# EXERCISE GOAL
Using the data below, find how many lines include the word "FImp" and report that figure alone.

# DATA FOR THIS EXERCISE
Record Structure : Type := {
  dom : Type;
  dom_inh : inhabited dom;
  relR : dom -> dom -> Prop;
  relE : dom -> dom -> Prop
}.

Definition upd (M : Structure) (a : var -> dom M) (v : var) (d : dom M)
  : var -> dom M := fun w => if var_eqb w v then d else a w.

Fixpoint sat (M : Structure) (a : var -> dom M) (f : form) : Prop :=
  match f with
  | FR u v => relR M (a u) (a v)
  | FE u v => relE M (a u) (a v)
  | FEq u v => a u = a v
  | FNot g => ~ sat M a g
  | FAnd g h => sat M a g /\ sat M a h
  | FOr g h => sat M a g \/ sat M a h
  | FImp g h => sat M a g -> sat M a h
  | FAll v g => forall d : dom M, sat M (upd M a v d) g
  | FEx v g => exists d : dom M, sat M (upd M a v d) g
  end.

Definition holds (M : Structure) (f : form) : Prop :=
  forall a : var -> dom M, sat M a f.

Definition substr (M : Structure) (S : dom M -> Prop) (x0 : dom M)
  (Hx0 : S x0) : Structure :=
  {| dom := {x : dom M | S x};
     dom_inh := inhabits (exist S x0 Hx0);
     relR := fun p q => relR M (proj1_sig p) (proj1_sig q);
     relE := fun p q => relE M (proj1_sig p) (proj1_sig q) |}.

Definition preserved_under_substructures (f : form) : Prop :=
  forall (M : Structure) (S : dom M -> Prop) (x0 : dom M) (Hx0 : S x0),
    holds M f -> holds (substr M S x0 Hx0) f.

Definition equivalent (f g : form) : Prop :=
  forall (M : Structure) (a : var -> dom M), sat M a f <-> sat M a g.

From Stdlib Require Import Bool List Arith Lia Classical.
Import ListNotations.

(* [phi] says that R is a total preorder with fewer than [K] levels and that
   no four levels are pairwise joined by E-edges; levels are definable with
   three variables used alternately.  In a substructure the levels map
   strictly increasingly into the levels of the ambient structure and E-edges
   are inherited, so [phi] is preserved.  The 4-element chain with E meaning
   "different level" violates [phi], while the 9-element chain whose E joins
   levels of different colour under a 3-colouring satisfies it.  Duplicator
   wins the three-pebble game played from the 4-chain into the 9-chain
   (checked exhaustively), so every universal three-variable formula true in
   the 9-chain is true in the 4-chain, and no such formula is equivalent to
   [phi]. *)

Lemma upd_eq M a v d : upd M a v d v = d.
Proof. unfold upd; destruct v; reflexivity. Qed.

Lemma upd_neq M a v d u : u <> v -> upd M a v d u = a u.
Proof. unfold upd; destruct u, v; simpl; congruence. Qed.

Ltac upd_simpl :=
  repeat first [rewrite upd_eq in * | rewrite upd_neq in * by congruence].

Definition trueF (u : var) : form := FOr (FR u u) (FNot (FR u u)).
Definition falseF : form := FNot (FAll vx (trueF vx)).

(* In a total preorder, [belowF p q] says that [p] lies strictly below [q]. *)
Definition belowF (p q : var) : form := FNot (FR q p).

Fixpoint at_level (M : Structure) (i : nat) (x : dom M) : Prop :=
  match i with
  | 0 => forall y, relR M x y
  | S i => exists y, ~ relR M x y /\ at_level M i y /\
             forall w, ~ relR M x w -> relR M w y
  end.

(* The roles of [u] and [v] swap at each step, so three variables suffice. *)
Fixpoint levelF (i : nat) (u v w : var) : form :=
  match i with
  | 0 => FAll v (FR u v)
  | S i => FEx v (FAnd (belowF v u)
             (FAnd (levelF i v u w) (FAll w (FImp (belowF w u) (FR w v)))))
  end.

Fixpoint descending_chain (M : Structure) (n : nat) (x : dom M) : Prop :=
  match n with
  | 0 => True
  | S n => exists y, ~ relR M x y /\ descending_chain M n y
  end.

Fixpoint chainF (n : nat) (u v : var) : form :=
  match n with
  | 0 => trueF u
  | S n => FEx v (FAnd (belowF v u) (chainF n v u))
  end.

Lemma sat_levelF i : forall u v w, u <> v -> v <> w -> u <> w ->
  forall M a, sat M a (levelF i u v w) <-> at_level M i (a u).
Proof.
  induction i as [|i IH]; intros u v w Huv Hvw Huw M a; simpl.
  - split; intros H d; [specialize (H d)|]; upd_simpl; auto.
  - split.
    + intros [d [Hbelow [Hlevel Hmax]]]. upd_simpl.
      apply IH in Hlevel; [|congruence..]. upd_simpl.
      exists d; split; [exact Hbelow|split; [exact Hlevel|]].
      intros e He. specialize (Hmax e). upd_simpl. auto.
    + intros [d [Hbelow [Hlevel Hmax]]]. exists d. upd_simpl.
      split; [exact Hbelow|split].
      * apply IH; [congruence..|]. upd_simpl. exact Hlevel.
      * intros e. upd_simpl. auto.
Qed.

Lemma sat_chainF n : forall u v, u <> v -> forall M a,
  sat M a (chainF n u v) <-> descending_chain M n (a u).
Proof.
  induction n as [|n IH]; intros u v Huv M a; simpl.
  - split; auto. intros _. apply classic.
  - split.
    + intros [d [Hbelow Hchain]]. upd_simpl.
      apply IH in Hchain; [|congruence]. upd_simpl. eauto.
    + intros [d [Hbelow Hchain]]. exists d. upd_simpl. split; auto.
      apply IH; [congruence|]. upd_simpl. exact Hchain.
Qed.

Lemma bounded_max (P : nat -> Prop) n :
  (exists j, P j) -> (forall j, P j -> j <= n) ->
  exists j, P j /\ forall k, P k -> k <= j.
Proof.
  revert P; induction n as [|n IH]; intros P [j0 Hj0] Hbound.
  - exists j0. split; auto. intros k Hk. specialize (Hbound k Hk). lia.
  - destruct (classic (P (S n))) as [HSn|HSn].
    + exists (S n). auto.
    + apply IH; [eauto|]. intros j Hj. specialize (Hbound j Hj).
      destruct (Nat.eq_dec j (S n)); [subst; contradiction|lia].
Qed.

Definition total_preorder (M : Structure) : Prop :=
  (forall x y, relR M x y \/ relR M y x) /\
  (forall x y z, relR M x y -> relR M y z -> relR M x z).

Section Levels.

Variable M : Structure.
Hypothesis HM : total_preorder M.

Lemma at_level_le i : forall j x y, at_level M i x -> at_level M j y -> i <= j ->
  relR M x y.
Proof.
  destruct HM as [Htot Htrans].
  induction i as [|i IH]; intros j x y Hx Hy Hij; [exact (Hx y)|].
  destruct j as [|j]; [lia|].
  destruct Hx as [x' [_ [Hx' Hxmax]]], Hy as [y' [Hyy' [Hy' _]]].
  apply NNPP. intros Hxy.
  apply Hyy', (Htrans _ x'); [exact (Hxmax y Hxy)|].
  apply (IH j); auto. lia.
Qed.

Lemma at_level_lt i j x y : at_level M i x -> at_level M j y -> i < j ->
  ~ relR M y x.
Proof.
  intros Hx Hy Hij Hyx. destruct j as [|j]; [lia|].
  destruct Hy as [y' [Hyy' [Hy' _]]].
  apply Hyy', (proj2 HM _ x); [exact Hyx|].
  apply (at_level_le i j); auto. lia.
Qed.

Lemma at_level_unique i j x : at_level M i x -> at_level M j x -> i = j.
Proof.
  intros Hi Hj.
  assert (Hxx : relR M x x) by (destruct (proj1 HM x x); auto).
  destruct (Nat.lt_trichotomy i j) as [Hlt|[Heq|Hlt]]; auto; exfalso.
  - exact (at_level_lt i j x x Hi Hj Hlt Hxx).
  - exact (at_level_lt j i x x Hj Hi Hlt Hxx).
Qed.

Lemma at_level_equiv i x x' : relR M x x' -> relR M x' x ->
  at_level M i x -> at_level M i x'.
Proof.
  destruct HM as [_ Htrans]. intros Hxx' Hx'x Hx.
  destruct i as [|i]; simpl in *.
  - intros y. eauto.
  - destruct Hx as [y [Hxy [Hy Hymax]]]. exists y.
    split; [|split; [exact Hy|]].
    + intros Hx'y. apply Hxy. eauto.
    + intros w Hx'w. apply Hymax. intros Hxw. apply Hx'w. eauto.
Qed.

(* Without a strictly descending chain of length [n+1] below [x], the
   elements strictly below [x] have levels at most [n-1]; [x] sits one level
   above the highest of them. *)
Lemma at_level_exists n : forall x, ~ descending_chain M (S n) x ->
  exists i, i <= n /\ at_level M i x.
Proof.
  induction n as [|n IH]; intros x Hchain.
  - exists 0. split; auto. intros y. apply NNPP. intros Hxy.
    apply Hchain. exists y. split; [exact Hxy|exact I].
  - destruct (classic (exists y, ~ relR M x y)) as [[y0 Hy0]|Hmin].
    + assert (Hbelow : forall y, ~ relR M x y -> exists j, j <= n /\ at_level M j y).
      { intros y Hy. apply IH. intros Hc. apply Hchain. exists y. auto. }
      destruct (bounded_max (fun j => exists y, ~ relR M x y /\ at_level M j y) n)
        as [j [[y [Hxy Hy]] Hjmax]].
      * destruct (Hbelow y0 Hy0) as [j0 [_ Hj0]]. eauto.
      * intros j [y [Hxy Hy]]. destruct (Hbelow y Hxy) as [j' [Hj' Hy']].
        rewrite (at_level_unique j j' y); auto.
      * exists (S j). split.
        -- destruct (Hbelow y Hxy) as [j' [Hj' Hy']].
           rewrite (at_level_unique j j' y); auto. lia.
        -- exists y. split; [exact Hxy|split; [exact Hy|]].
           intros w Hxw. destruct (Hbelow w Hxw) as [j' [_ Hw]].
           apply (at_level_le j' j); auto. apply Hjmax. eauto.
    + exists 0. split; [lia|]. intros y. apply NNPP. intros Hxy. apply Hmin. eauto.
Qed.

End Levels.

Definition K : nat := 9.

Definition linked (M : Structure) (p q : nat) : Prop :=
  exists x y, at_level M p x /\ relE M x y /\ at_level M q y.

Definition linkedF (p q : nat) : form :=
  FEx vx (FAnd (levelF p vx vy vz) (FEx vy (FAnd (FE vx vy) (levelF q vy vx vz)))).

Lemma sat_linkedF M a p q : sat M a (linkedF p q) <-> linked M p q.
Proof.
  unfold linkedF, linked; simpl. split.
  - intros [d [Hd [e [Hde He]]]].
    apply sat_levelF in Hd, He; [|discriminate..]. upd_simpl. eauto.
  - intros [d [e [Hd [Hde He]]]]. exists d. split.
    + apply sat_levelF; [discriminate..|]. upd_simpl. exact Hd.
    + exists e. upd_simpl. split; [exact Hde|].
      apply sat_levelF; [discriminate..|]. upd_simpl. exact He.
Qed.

---

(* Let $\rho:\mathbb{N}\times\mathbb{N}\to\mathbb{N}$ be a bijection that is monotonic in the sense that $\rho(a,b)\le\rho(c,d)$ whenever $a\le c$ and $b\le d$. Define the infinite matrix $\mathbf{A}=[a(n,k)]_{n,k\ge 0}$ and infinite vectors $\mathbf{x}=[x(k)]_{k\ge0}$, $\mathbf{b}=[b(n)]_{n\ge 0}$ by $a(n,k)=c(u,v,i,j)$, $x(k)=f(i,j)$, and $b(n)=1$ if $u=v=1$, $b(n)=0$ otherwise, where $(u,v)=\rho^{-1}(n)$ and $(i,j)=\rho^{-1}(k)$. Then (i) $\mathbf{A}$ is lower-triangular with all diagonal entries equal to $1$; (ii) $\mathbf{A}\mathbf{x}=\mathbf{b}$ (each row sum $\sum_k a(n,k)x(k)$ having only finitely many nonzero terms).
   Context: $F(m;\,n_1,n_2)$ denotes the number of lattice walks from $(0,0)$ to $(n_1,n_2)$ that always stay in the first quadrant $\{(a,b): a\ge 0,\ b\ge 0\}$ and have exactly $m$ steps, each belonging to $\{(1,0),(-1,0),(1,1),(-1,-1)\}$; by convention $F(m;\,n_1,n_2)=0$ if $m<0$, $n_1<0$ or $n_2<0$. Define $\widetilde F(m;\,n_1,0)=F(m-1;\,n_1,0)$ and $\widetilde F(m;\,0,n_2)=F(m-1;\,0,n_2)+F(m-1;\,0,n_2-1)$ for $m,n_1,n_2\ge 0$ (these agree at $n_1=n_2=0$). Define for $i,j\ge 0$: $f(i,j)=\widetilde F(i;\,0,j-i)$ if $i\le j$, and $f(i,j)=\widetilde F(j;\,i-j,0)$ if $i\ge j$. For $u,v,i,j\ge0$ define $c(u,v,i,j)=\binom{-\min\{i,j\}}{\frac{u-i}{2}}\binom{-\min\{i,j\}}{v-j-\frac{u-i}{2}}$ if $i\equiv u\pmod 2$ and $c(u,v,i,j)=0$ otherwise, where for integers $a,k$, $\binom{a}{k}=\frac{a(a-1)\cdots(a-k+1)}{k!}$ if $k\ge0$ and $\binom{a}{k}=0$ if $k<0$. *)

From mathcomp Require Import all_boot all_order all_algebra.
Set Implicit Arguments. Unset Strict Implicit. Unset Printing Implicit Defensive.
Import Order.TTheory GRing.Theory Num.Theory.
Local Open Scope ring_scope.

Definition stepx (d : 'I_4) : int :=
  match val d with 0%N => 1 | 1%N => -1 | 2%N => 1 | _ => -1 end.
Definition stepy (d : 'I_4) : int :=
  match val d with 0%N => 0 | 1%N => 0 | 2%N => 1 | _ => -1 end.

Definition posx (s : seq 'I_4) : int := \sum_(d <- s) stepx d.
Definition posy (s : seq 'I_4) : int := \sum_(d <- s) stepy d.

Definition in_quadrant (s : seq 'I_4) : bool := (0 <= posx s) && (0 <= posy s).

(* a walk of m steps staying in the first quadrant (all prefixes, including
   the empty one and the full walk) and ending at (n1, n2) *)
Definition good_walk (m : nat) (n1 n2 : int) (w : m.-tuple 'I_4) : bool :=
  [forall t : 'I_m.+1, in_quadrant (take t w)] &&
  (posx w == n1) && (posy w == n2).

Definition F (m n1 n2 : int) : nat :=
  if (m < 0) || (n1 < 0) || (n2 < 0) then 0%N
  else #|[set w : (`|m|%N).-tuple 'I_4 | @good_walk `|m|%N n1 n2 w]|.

# RESPONSE AREA
2